(TASK STATEMENT):
Determine which lines of the records include the word "injective", and copy them.

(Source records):
++++++++++
(* Let $d\ge 1$ and $n\ge d+2$, and let $\mathcal{F}$, $B_i$ be as in the context. The number of indices $i\in[m]$ with $|B_i|=d$ is at most $\binom{n-1}{d}$. Moreover, equality holds if and only if $\{F_i: i\in[m],\ |B_i|=d\}$ is a star of maximum size, i.e. equals $\{F\in\binom{[n]}{d+1}: a\in F\}$ for some $a\in[n]$.
   Context: Let $\mathcal{F}=\{F_1,\dots,F_m\}\subseteq\binom{[n]}{d+1}$ consist of distinct sets and have VC-dimension at most $d$ (no $(d+1)$-set $S$ is shattered, i.e. no $S$ such that every $A\subseteq S$ equals $F\cap S$ for some $F\in\mathcal{F}$). For $i\in[m]$, call $B\subsetneq F_i$ admissible for $F_i$ if $F\cap F_i\neq B$ for every $F\in\mathcal{F}$ (admissible sets exist by the VC-dimension assumption). For each $i$, $B_i$ is a fixed admissible set for $F_i$ of maximum cardinality among all admissible sets for $F_i$. *)

From mathcomp Require Import all_boot.
Set Implicit Arguments. Unset Strict Implicit. Unset Printing Implicit Defensive.

(* Ground set [n] is 'I_n; the family F_1..F_m is an indexed family
   F : 'I_m -> {set 'I_n}. *)

Definition shattered (n m : nat) (F : 'I_m -> {set 'I_n}) (S : {set 'I_n}) : Prop :=
  forall A : {set 'I_n}, A \subset S -> exists j : 'I_m, F j :&: S = A.

Definition VCdim_le (n m : nat) (F : 'I_m -> {set 'I_n}) (d : nat) : Prop :=
  forall S : {set 'I_n}, #|S| = d.+1 -> ~ shattered F S.

Definition admissible (n m : nat) (F : 'I_m -> {set 'I_n}) (i : 'I_m)
  (B : {set 'I_n}) : Prop :=
  B \proper F i /\ forall j : 'I_m, F j :&: F i <> B.

From mathcomp Require Import all_boot.

Set Implicit Arguments.
Unset Strict Implicit.
Unset Printing Implicit Defensive.

(* Call i full when |B_i| = d, i.e. B_i = F_i \ {x} for a single x.  A full B_i
   is contained in no other F_j: otherwise it would be a proper subset of the
   trace F_j ∩ F_i, which then has d+1 elements and forces F_j = F_i.  Hence
   (i, y) |-> (F_i \ {y}, y) if y ∈ F_i, and (B_i, y) otherwise, injects
   {full i} × [n] into the n·C(n-1, d) pairs (T, y) with |T| = d, y ∉ T.
   In case of equality this map is onto, so every d-subset of a full F_j can be
   re-completed by a new point to a full F_k; such exchanges keep the missing
   point a of B_j missing from B_k, and walking from F_j to any (d+1)-set
   containing a shows that the full sets form the star at a. *)

Definition pointed_dsets (T : finType) (k : nat) :=
  [set q : {set T} * T | (#|q.1| == k) && (q.2 \notin q.1)].

Definition star (T : finType) (a : T) (k : nat) :=
  [set S : {set T} | (#|S| == k.+1) && (a \in S)].

Lemma card_pointed_dsets (T : finType) k :
  #|pointed_dsets T k| = #|T| * 'C(#|T|.-1, k).
Proof.
rewrite mul_bin_down -sum1_card.
transitivity (\sum_(A : {set T} | #|A| == k) \sum_(y : T | y \notin A) 1).
  by rewrite pair_big_dep; apply: eq_bigl => q; rewrite inE.
rewrite (eq_bigr (fun _ => #|T| - k)); last first.
  move=> A /eqP Ak; rewrite -(cardsC A) Ak addKn -sum1_card.
  by apply: eq_bigl => y; rewrite inE.
rewrite (eq_bigl [in [set A : {set T} | #|A| == k]]) => [|A]; last by rewrite inE.
by rewrite sum_nat_const card_draws mulnC.
Qed.

Lemma card_star (T : finType) (a : T) k : #|star a k| = 'C(#|T|.-1, k).
Proof.
have notin_avoid (A : {set T}) : A \subset [set~ a] -> a \notin A.
  by move=> sA; apply/negP => /(subsetP sA); rewrite !inE eqxx.
have -> : star a k =
    (fun A => a |: A) @: [set A : {set T} | A \subset [set~ a] & #|A| == k].
  apply/setP => S; rewrite inE; apply/idP/imsetP.
  - case/andP => /eqP Sk aS; exists (S :\ a); last by rewrite setD1K.
    rewrite inE subsetDr ?sub1set ?inE ?eqxx //=.
    by move: Sk; rewrite (cardsD1 a) aS add1n => -[->].
  - case=> A; rewrite inE => /andP[sA /eqP Ak] ->.
    by rewrite cardsU1 notin_avoid // Ak setU11 eqxx.
rewrite card_in_imset ?cards_draws ?cardsC1 // => A1 A2.
rewrite !inE => /andP[s1 _] /andP[s2 _] eqA.
by rewrite -(setU1K (notin_avoid _ s1)) -(setU1K (notin_avoid _ s2)) eqA.
Qed.

Section FullAdmissible.

Variables (d n m : nat) (F B : 'I_m -> {set 'I_n}).
Hypotheses (F_inj : injective F) (card_F : forall i, #|F i| = d.+1)
  (B_adm : forall i, admissible F i (B i)).

Definition full := [set i : 'I_m | #|B i| == d].

Lemma admissible_subset i : B i \subset F i.
Proof. by have [/andP[]] := B_adm i. Qed.

Lemma exists_notin_admissible i : exists2 x, x \in F i & x \notin B i.
Proof. by have [/properP[_ [x ? ?]] _] := B_adm i; exists x. Qed.

Lemma card_F_setD1 i y : y \in F i -> #|F i :\ y| = d.
Proof. by move=> yF; move: (card_F i); rewrite (cardsD1 y) yF => -[]. Qed.

Lemma full_subset_uniq i j : i \in full -> B i \subset F j -> j = i.
Proof.
rewrite inE => /eqP Bd sBFj.
have sB_trace : B i \subset F j :&: F i by rewrite subsetI sBFj admissible_subset.
have [trace_eq | trace_neq] := eqVneq (F j :&: F i) (B i).
  by case: (proj2 (B_adm i) j trace_eq).
have : #|B i| < #|F j :&: F i| by rewrite proper_card // properEneq eq_sym trace_neq.
rewrite Bd => card_trace.
have /eqP trace_Fi : F j :&: F i == F i by rewrite eqEcard subsetIr card_F.
apply: F_inj; apply/eqP; rewrite eq_sym eqEcard !card_F leqnn andbT.
by rewrite -trace_Fi subsetIl.
Qed.

Lemma full_setD1 i x : i \in full -> x \in F i -> x \notin B i -> B i = F i :\ x.
Proof.
rewrite inE => /eqP Bd xF xB; apply/eqP; rewrite eqEcard card_F_setD1 // Bd leqnn.
rewrite andbT; apply/subsetP => u uB; rewrite !inE (subsetP (admissible_subset i)) //.
by rewrite andbT; apply: contraNneq xB => <-.
Qed.

Definition encode (p : 'I_m * 'I_n) :=
  if p.2 \in F p.1 then (F p.1 :\ p.2, p.2) else (B p.1, p.2).

Lemma encode_inj : {in setX full setT &, injective encode}.
Proof.
move=> [i y] [j y'] /setXP[iI _] /setXP[jI _]; rewrite /encode /=.
case: ifP => yFi; case: ifP => y'Fj [eq1 eq2]; subst y'.
- by rewrite (F_inj (_ : F i = F j)) // -(setD1K yFi) -(setD1K y'Fj) eq1.
- have /(full_subset_uniq jI) ji : B j \subset F i by rewrite -eq1 subsetDl.
  by subst j; rewrite yFi in y'Fj.
- have /(full_subset_uniq iI) ij : B i \subset F j by rewrite eq1 subsetDl.
  by subst j; rewrite yFi in y'Fj.
- by rewrite (full_subset_uniq iI (_ : B i \subset F j)) // eq1 admissible_subset.
Qed.

Lemma encode_subset : encode @: setX full setT \subset pointed_dsets 'I_n d.
Proof.
apply/subsetP => _ /imsetP[[i y] /setXP[iI _] ->]; rewrite /encode /= inE.
case: ifP => yFi /=; first by rewrite card_F_setD1 // eqxx setD11.
by move: iI; rewrite inE => ->; apply: contraFN yFi; apply/subsetP/admissible_subset.
Qed.

Lemma card_full_mul : #|full| * n <= n * 'C(n.-1, d).
Proof.
have -> : #|full| * n = #|setX full [set: 'I_n]| by rewrite cardsX cardsT card_ord.
have := card_pointed_dsets 'I_n d; rewrite card_ord => <-.
rewrite -(card_in_imset encode_inj).
exact: subset_leq_card encode_subset.
Qed.

Section Extremal.

Hypothesis card_full : #|full| = 'C(n.-1, d).

Lemma encode_onto : encode @: setX full setT = pointed_dsets 'I_n d.
Proof.
apply/eqP; rewrite eqEcard encode_subset card_pointed_dsets card_ord.
by rewrite (card_in_imset encode_inj) cardsX cardsT card_ord card_full mulnC leqnn.
Qed.

Lemma full_exchange j y z : j \in full -> y \in B j -> z \notin F j ->
  exists2 k, k \in full & F k = z |: (F j :\ y).
Proof.
move=> jI yB zF; have yF := subsetP (admissible_subset j) _ yB.
have : (F j :\ y, z) \in pointed_dsets 'I_n d.
  by rewrite inE card_F_setD1 // eqxx !inE negb_and zF orbT.
rewrite -encode_onto => /imsetP[[k z'] /setXP[kI _]]; rewrite /encode /=.
case: ifP => zFk [eqk eqz]; subst z'; exists k => //; first by rewrite eqk setD1K.
have /(full_subset_uniq kI) kj : B k \subset F j by rewrite -eqk subsetDl.
by subst k; rewrite -eqk !inE eqxx in yB.
Qed.

(* If a ∈ B_k, the point x missing from B_k lies in F_j \ {a, y}; exchanging x
   instead of y yields a full F_l containing B_k, so l = k, yet y ∈ F_l \ F_k. *)
Lemma full_exchange_notin j a y z k :
  j \in full -> a \in F j -> a \notin B j -> y \in F j -> y != a ->
  z \notin F j -> k \in full -> F k = z |: (F j :\ y) -> a \notin B k.
Proof.
move=> jI aF aB yF ya zF kI Fk; apply/negP => aBk.
have Bj := full_setD1 jI aF aB.
have [x xFk xBk] := exists_notin_admissible k.
have Bk := full_setD1 kI xFk xBk.
have xz : x != z.
  apply/eqP => xz; subst x.
  have /(full_subset_uniq kI) jk : B k \subset F j.
    by rewrite Bk Fk setU1K ?subsetDl // !inE negb_and zF orbT.
  by rewrite jk xFk in zF.
have xa : x != a by apply: contraNneq xBk => ->.
have /andP[xy xFj] : (x != y) && (x \in F j) by move: xFk; rewrite Fk !inE (negbTE xz).
have xBj : x \in B j by rewrite Bj !inE xa.
have [l lI Fl] := full_exchange jI xBj zF.
have /(full_subset_uniq kI) lk : B k \subset F l.
  by apply/subsetP => u; rewrite Bk Fk Fl !inE; case: (u == z) => //= /and3P[-> _ ->].
have : y \in F l by rewrite Fl !inE yF andbT (eq_sym y x) xy orbT.
by rewrite lk Fk !inE eqxx orbF => /eqP yz; rewrite -yz yF in zF.
Qed.

Lemma star_subset_full j a S : j \in full -> a \in F j -> a \notin B j ->
  S \in star a d -> exists2 l, l \in full & F l = S.
Proof.
move=> + + + /[!inE] /andP[/eqP Sd aS].
move Sk: #|S :\: F j| => k.
elim: k j Sk => [|k IH] j Sk jI aF aB.
  exists j => //; apply/eqP; rewrite eq_sym eqEcard card_F Sd leqnn andbT.
  by rewrite -setD_eq0 -cards_eq0 Sk.
have [z /setDP[zS zF]] : exists z, z \in S :\: F j by apply/set0Pn; rewrite -card_gt0 Sk.
have [y /setDP[yF yS]] : exists y, y \in F j :\: S.
  apply/set0Pn/negP; rewrite setD_eq0 => sFS.
  have /eqP FS : F j == S by rewrite eqEcard sFS card_F Sd leqnn.
  by move: Sk; rewrite FS setDv cards0.
have ya : y != a by apply: contraNneq yS => ->.
have yBj : y \in B j by rewrite (full_setD1 jI aF aB) !inE ya.
have [l lI Fl] := full_exchange jI yBj zF.
apply: (IH l) => //; last exact: full_exchange_notin Fl.
- have -> : S :\: F l = (S :\: F j) :\ z.
    apply/setP => w; rewrite Fl !inE; have [-> | _] /= := eqVneq w z; first by [].
    by have [-> | _] := eqVneq w y; rewrite ?(negbTE yS) ?andbF.
  by move: Sk; rewrite (cardsD1 z) !inE zS zF => -[].
- by rewrite Fl !inE aF (eq_sym a y) ya orbT.
Qed.

End Extremal.

End FullAdmissible.

Theorem claim4p2 (d n m : nat) (F : 'I_m -> {set 'I_n}) (B : 'I_m -> {set 'I_n}) :
  1 <= d -> d + 2 <= n ->
  injective F ->
  (forall i, #|F i| = d.+1) ->
  VCdim_le F d ->
  (forall i, admissible F i (B i)) ->
  (forall i (B' : {set 'I_n}), admissible F i B' -> #|B'| <= #|B i|) ->
  #|[set i : 'I_m | #|B i| == d]| <= 'C(n.-1, d) /\
  (#|[set i : 'I_m | #|B i| == d]| = 'C(n.-1, d) <->
   exists a : 'I_n,
     [set F i | i in [set i : 'I_m | #|B i| == d]] =
     [set S : {set 'I_n} | (#|S| == d.+1) && (a \in S)]).
Proof.
move=> _ dn F_inj card_F _ B_adm _.
have n_gt0 : 0 < n by rewrite (leq_trans _ dn) // addn2.
have card_star_n (a : 'I_n) : #|star a d| = 'C(n.-1, d) by rewrite card_star card_ord.
split; first by have := card_full_mul F_inj card_F B_adm; rewrite mulnC leq_pmul2l.
split=> [card_full | [a full_star]]; last first.
  by rewrite -(card_star_n a) /star -full_star card_imset.
have [j jI] : exists j, j \in full d B.
  by apply/card_gt0P; rewrite card_full bin_gt0 -ltnS prednK // (leq_trans _ dn) // addn2.
have [a aF aB] := exists_notin_admissible B_adm j.
exists a; apply/eqP.
rewrite eq_sym eqEcard card_star_n card_imset // card_full leqnn andbT.
apply/subsetP => S /(star_subset_full F_inj card_F B_adm card_full jI aF aB) [l lI <-].
exact: imset_f.
Qed.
++++++++++
(REPLY):
Hypotheses (F_inj : injective F) (card_F : forall i, #|F i| = d.+1)
Lemma encode_inj : {in setX full setT &, injective encode}.
  injective F ->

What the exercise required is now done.